[Dataset entries]

◆ ◆ ◆ ◆

(* Let $H$ be a homogeneous relation on a finite set $V$. If $H$ fulfills A2 or A3, then $\mathcal F_H$ is a weakly partitive family. If $H$ fulfills A1, then $\mathcal F_H$ is a partitive family.
   Context: $V$ is a finite set. A reflectless triple is a triple $(x,y,z)\in V^3$ with $x\neq y$ and $x\neq z$, written $(x|yz)$. A homogeneous relation $H$ on $V$ is a set of reflectless triples (we write $H(s|xy)$ when $(s|xy)\in H$, and $H(s|xy)$ is considered false when $(s|xy)$ is not reflectless) such that for every $s\in V$ the binary relation $H_s=\{(x,y): H(s|xy)\}$ is an equivalence relation on $V\setminus\{s\}$. For $X\subseteq V$ and $s\notin X$, $s$ distinguishes $X$ if there are $x,y\in X$ with not $H(s|xy)$. A homogeneous set is a nonempty $M\subseteq V$ such that no element of $V\setminus M$ distinguishes $M$; $\mathcal F_H$ denotes the family of homogeneous sets. Axioms (required for all elements for which every triple appearing is reflectless): A1: $H(x|yz)\wedge H(y|xz)\Rightarrow H(z|xy)$. A2: $H(x|st)\wedge H(y|st)\wedge H(t|xy)\Rightarrow H(s|xy)$. A3: $H(x|st)\wedge H(y|st)\wedge H(t|sx)\wedge H(t|sy)\Rightarrow H(s|xy)$. Two sets $A,B$ overlap if $A\cap B$, $A\setminus B$, $B\setminus A$ are all nonempty. A family $\mathcal F\subseteq\mathcal P(V)$ is weakly partitive if it contains $V$ and every singleton $\{v\}$, $v\in V$, and for all overlapping $A,B\in\mathcal F$ the sets $A\cap B$, $A\cup B$, $A\setminus B$ belong to $\mathcal F$. It is partitive if moreover for all overlapping $A,B\in\mathcal F$ the symmetric difference $A\Delta B=(A\setminus B)\cup(B\setminus A)$ belongs to $\mathcal F$. *)

From mathcomp Require Import all_boot.
Set Implicit Arguments. Unset Strict Implicit. Unset Printing Implicit Defensive.

Section Defs.
Variable V : finType.

(* A ternary relation on V: [H s x y] stands for H(s|xy). *)
Definition trel := V -> V -> V -> bool.

Definition reflectless (s x y : V) : bool := (s != x) && (s != y).

Definition homogeneous_relation (H : trel) : Prop :=
  (forall s x y, H s x y -> reflectless s x y) /\
  (forall s x, x != s -> H s x x) /\
  (forall s x y, H s x y -> H s y x) /\
  (forall s x y z, H s x y -> H s y z -> H s x z).

Definition axiomA1 (H : trel) : Prop :=
  forall x y z,
    reflectless x y z -> reflectless y x z -> reflectless z x y ->
    H x y z -> H y x z -> H z x y.

Definition axiomA2 (H : trel) : Prop :=
  forall x y s t,
    reflectless x s t -> reflectless y s t -> reflectless t x y ->
    reflectless s x y ->
    H x s t -> H y s t -> H t x y -> H s x y.

Definition axiomA3 (H : trel) : Prop :=
  forall x y s t,
    reflectless x s t -> reflectless y s t -> reflectless t s x ->
    reflectless t s y -> reflectless s x y ->
    H x s t -> H y s t -> H t s x -> H t s y -> H s x y.

Definition distinguishes (H : trel) (s : V) (X : {set V}) : bool :=
  [exists x in X, exists y in X, ~~ H s x y].

Definition homogeneous_set (H : trel) (M : {set V}) : bool :=
  (M != set0) && [forall s in ~: M, ~~ distinguishes H s M].

Definition overlap (A B : {set V}) : bool :=
  [&& A :&: B != set0, A :\: B != set0 & B :\: A != set0].

Definition weakly_partitive (F : {set V} -> bool) : Prop :=
  F [set: V] /\ (forall v, F [set v]) /\
  (forall A B, F A -> F B -> overlap A B ->
     [/\ F (A :&: B), F (A :|: B) & F (A :\: B)]).

Definition partitive (F : {set V} -> bool) : Prop :=
  weakly_partitive F /\
  (forall A B, F A -> F B -> overlap A B -> F ((A :\: B) :|: (B :\: A))).

End Defs.

From mathcomp Require Import all_boot.
Set Implicit Arguments. Unset Strict Implicit. Unset Printing Implicit Defensive.

(* An element s outside A :|: B sees A and B each as a single H_s-class, and a
   common element of A and B glues the two classes: this settles A :&: B and
   A :|: B for any homogeneous relation.  Only some s in A :&: B can
   distinguish A :\: B.  For x, y in A :\: B and t in B :\: A, homogeneity of
   A and B provides H(x|st), H(y|st) and H(t|xy), H(t|sx), H(t|sy): exactly the
   premises of A2 and of A3, whose conclusion is H(s|xy).  Under A1, the facts
   H(x|ts) and H(t|xs) give H(s|xt), so every element of the symmetric
   difference is H_s-equivalent to t. *)

Section HomogeneousSets.
Variables (V : finType) (H : V -> V -> V -> bool).
Hypothesis homH : homogeneous_relation H.

Let H_reflectless : forall s x y, H s x y -> reflectless s x y := proj1 homH.
Let H_refl : forall s x, x != s -> H s x x := proj1 (proj2 homH).
Let H_sym : forall s x y, H s x y -> H s y x := proj1 (proj2 (proj2 homH)).
Let H_trans : forall s x y z, H s x y -> H s y z -> H s x z :=
  proj2 (proj2 (proj2 homH)).

Lemma H_neq s x y : H s x y -> (x != s) && (y != s).
Proof. by move/H_reflectless/andP => [sx sy]; rewrite !(eq_sym _ s) sx sy. Qed.

Lemma homogeneous_setP (M : {set V}) :
  reflect (M != set0 /\
           forall s x y, s \notin M -> x \in M -> y \in M -> H s x y)
          (homogeneous_set H M).
Proof.
apply: (iffP andP) => -[nM hM]; split=> //.
- move=> s x y sM xM yM; move/forallP/(_ s): hM; rewrite in_setC sM /=.
  apply: contraNT => Nxy; apply/existsP; exists x; rewrite xM.
  by apply/existsP; exists y; rewrite yM.
- apply/forallP=> s; apply/implyP; rewrite in_setC => sM.
  apply/existsPn=> x; apply/andP=> -[xM /existsP[y /andP[yM]]].
  by rewrite hM.
Qed.

Lemma homogeneous_setT : 0 < #|V| -> homogeneous_set H [set: V].
Proof.
move=> /card_gt0P[v _]; apply/homogeneous_setP.
by split=> [|s]; [apply/set0Pn; exists v|]; rewrite inE.
Qed.

Lemma homogeneous_set1 v : homogeneous_set H [set v].
Proof.
apply/homogeneous_setP; split=> [|s x y]; first by apply/set0Pn; exists v; rewrite inE.
by rewrite !inE => sv /eqP-> /eqP->; apply: H_refl; rewrite eq_sym.
Qed.

Section Overlapping.
Variables A B : {set V}.
Hypotheses (hsA : homogeneous_set H A) (hsB : homogeneous_set H B).
Hypothesis AB0 : A :&: B != set0.

Let hA := proj2 (elimT (homogeneous_setP A) hsA).
Let hB := proj2 (elimT (homogeneous_setP B) hsB).

Lemma homogeneous_setI : homogeneous_set H (A :&: B).
Proof.
apply/homogeneous_setP; split=> // s x y.
by rewrite !inE negb_and => /orP[] sN /andP[xA xB] /andP[yA yB]; [apply: hA|apply: hB].
Qed.

Lemma homogeneous_setU : homogeneous_set H (A :|: B).
Proof.
have [z] := set0Pn _ AB0; rewrite inE => /andP[zA zB].
apply/homogeneous_setP; split.
  by apply/set0Pn; exists z; rewrite inE zA.
move=> s x y; rewrite !inE negb_or => /andP[sA sB].
have Hz w : (w \in A) || (w \in B) -> H s w z by case/orP=> ?; [apply: hA|apply: hB].
by move=> /Hz Hx /Hz Hy; apply: H_trans Hx (H_sym Hy).
Qed.

End Overlapping.

Lemma homogeneous_setD (A B : {set V}) :
  homogeneous_set H A -> A :\: B != set0 ->
  (forall s x y, s \in A :&: B -> x \in A :\: B -> y \in A :\: B -> H s x y) ->
  homogeneous_set H (A :\: B).
Proof.
move=> /homogeneous_setP[_ hA] AB0 hAB; apply/homogeneous_setP; split=> // s x y.
move=> sAB xAB yAB; have [sA|sA] := boolP (s \in A).
  by apply: hAB; rewrite // inE sA /=; move: sAB; rewrite inE sA andbT negbK.
by apply: hA; [|move: xAB|move: yAB]; rewrite // inE => /andP[].
Qed.

Lemma weakly_partitive_homogeneous_set : 0 < #|V| ->
  (forall A B, homogeneous_set H A -> homogeneous_set H B ->
     forall s t, s \in A :&: B -> t \in B :\: A ->
     forall x y, x \in A :\: B -> y \in A :\: B -> H s x y) ->
  weakly_partitive (homogeneous_set H).
Proof.
move=> V0 hD; split; first exact: homogeneous_setT.
split=> [|A B hsA hsB /and3P[AB0 AB /set0Pn[t tBA]]]; first exact: homogeneous_set1.
split; [exact: homogeneous_setI | exact: homogeneous_setU |].
by apply: homogeneous_setD => // s x y sAB; apply: (hD _ _ hsA hsB _ _ sAB tBA).
Qed.

Section Difference.
Variables A B : {set V}.
Hypotheses (hsA : homogeneous_set H A) (hsB : homogeneous_set H B).
Variables s t : V.
Hypotheses (sAB : s \in A :&: B) (tBA : t \in B :\: A).

Let hA := proj2 (elimT (homogeneous_setP A) hsA).
Let hB := proj2 (elimT (homogeneous_setP B) hsB).

Let sA : s \in A. Proof. by move: sAB; rewrite inE => /andP[]. Qed.
Let sB : s \in B. Proof. by move: sAB; rewrite inE => /andP[]. Qed.
Let tB : t \in B. Proof. by move: tBA; rewrite inE => /andP[]. Qed.
Let tA : t \notin A. Proof. by move: tBA; rewrite inE => /andP[]. Qed.

Lemma A1_cross x : axiomA1 H -> x \in A :\: B -> H s x t.
Proof.
rewrite inE => A1 /andP[xB xA].
have Hx : H x t s by apply: hB.
have Ht : H t x s by apply: hA.
apply: (A1 _ _ _ _ _ _ Hx Ht); try exact: H_reflectless.
by rewrite /reflectless; have /andP[_ ->] := H_neq Hx; have /andP[_ ->] := H_neq Ht.
Qed.

Variables x y : V.
Hypotheses (xAB : x \in A :\: B) (yAB : y \in A :\: B).

Let xA : x \in A. Proof. by move: xAB; rewrite inE => /andP[]. Qed.
Let xB : x \notin B. Proof. by move: xAB; rewrite inE => /andP[]. Qed.
Let yA : y \in A. Proof. by move: yAB; rewrite inE => /andP[]. Qed.
Let yB : y \notin B. Proof. by move: yAB; rewrite inE => /andP[]. Qed.

Lemma A1_diff : axiomA1 H -> H s x y.
Proof. by move=> A1; apply: H_trans (A1_cross A1 xAB) (H_sym (A1_cross A1 yAB)). Qed.

Lemma A2_diff : axiomA2 H -> H s x y.
Proof.
move=> A2; have Hx : H x s t by apply: hB.
have Hy : H y s t by apply: hB.
have Ht : H t x y by apply: hA.
apply: (A2 _ _ _ _ _ _ _ _ Hx Hy Ht); try exact: H_reflectless.
by rewrite /reflectless; have /andP[-> _] := H_neq Hx; have /andP[-> _] := H_neq Hy.
Qed.

Lemma A3_diff : axiomA3 H -> H s x y.
Proof.
move=> A3; have Hx : H x s t by apply: hB.
have Hy : H y s t by apply: hB.
have Htx : H t s x by apply: hA.
have Hty : H t s y by apply: hA.
apply: (A3 _ _ _ _ _ _ _ _ _ Hx Hy Htx Hty); try exact: H_reflectless.
by rewrite /reflectless; have /andP[-> _] := H_neq Hx; have /andP[-> _] := H_neq Hy.
Qed.

End Difference.

Lemma homogeneous_setSD (A B : {set V}) : axiomA1 H ->
  homogeneous_set H A -> homogeneous_set H B -> overlap A B ->
  homogeneous_set H ((A :\: B) :|: (B :\: A)).
Proof.
move=> A1 hsA hsB /and3P[AB0 /set0Pn[u uAB] /set0Pn[t tBA]].
have /homogeneous_setP[_ hU] := homogeneous_setU hsA hsB AB0.
apply/homogeneous_setP; split=> [|s x y]; first by apply/set0Pn; exists t; rewrite inE tBA orbT.
have DU : {subset (A :\: B) :|: (B :\: A) <= A :|: B}.
  by move=> w; rewrite !inE => /orP[]/andP[_ ->]; rewrite ?orbT.
have [sAB|sAB] := boolP (s \in A :&: B); last first.
  move=> sD /DU xU /DU yU; apply: hU xU yU.
  by move: sAB sD; rewrite !inE; case: (s \in A); case: (s \in B).
have Ht w : w \in (A :\: B) :|: (B :\: A) -> H s w t.
  rewrite in_setU => /orP[wAB|wBA]; first exact: (A1_cross hsA hsB sAB tBA A1 wAB).
  exact: H_trans (H_sym (A1_cross hsA hsB sAB wBA A1 uAB)) (A1_cross hsA hsB sAB tBA A1 uAB).
by move=> _ /Ht Hx /Ht Hy; apply: H_trans Hx (H_sym Hy).
Qed.

End HomogeneousSets.

Theorem mainTheorem8 (V : finType) (H : V -> V -> V -> bool) :
  0 < #|V| ->
  homogeneous_relation H ->
  ((axiomA2 H \/ axiomA3 H) -> weakly_partitive (homogeneous_set H)) /\
  (axiomA1 H -> partitive (homogeneous_set H)).
Proof.
move=> V0 homH; have wp := weakly_partitive_homogeneous_set homH V0.
split=> [A23|A1].
  apply: wp => A B hsA hsB s t sAB tBA x y xAB yAB; case: A23 => [A2|A3].
  - exact: (A2_diff homH hsA hsB sAB tBA xAB yAB A2).
  - exact: (A3_diff homH hsA hsB sAB tBA xAB yAB A3).
split; last by move=> A B; apply: (homogeneous_setSD homH).
apply: wp => A B hsA hsB s t sAB tBA x y xAB yAB.
exact: (A1_diff homH hsA hsB sAB tBA xAB yAB A1).
Qed.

◆ ◆ ◆ ◆

Scan the data above for the word "finType". Copy every line in which it is found.

Variable V : finType.
Variables (V : finType) (H : V -> V -> V -> bool).
Theorem mainTheorem8 (V : finType) (H : V -> V -> V -> bool) :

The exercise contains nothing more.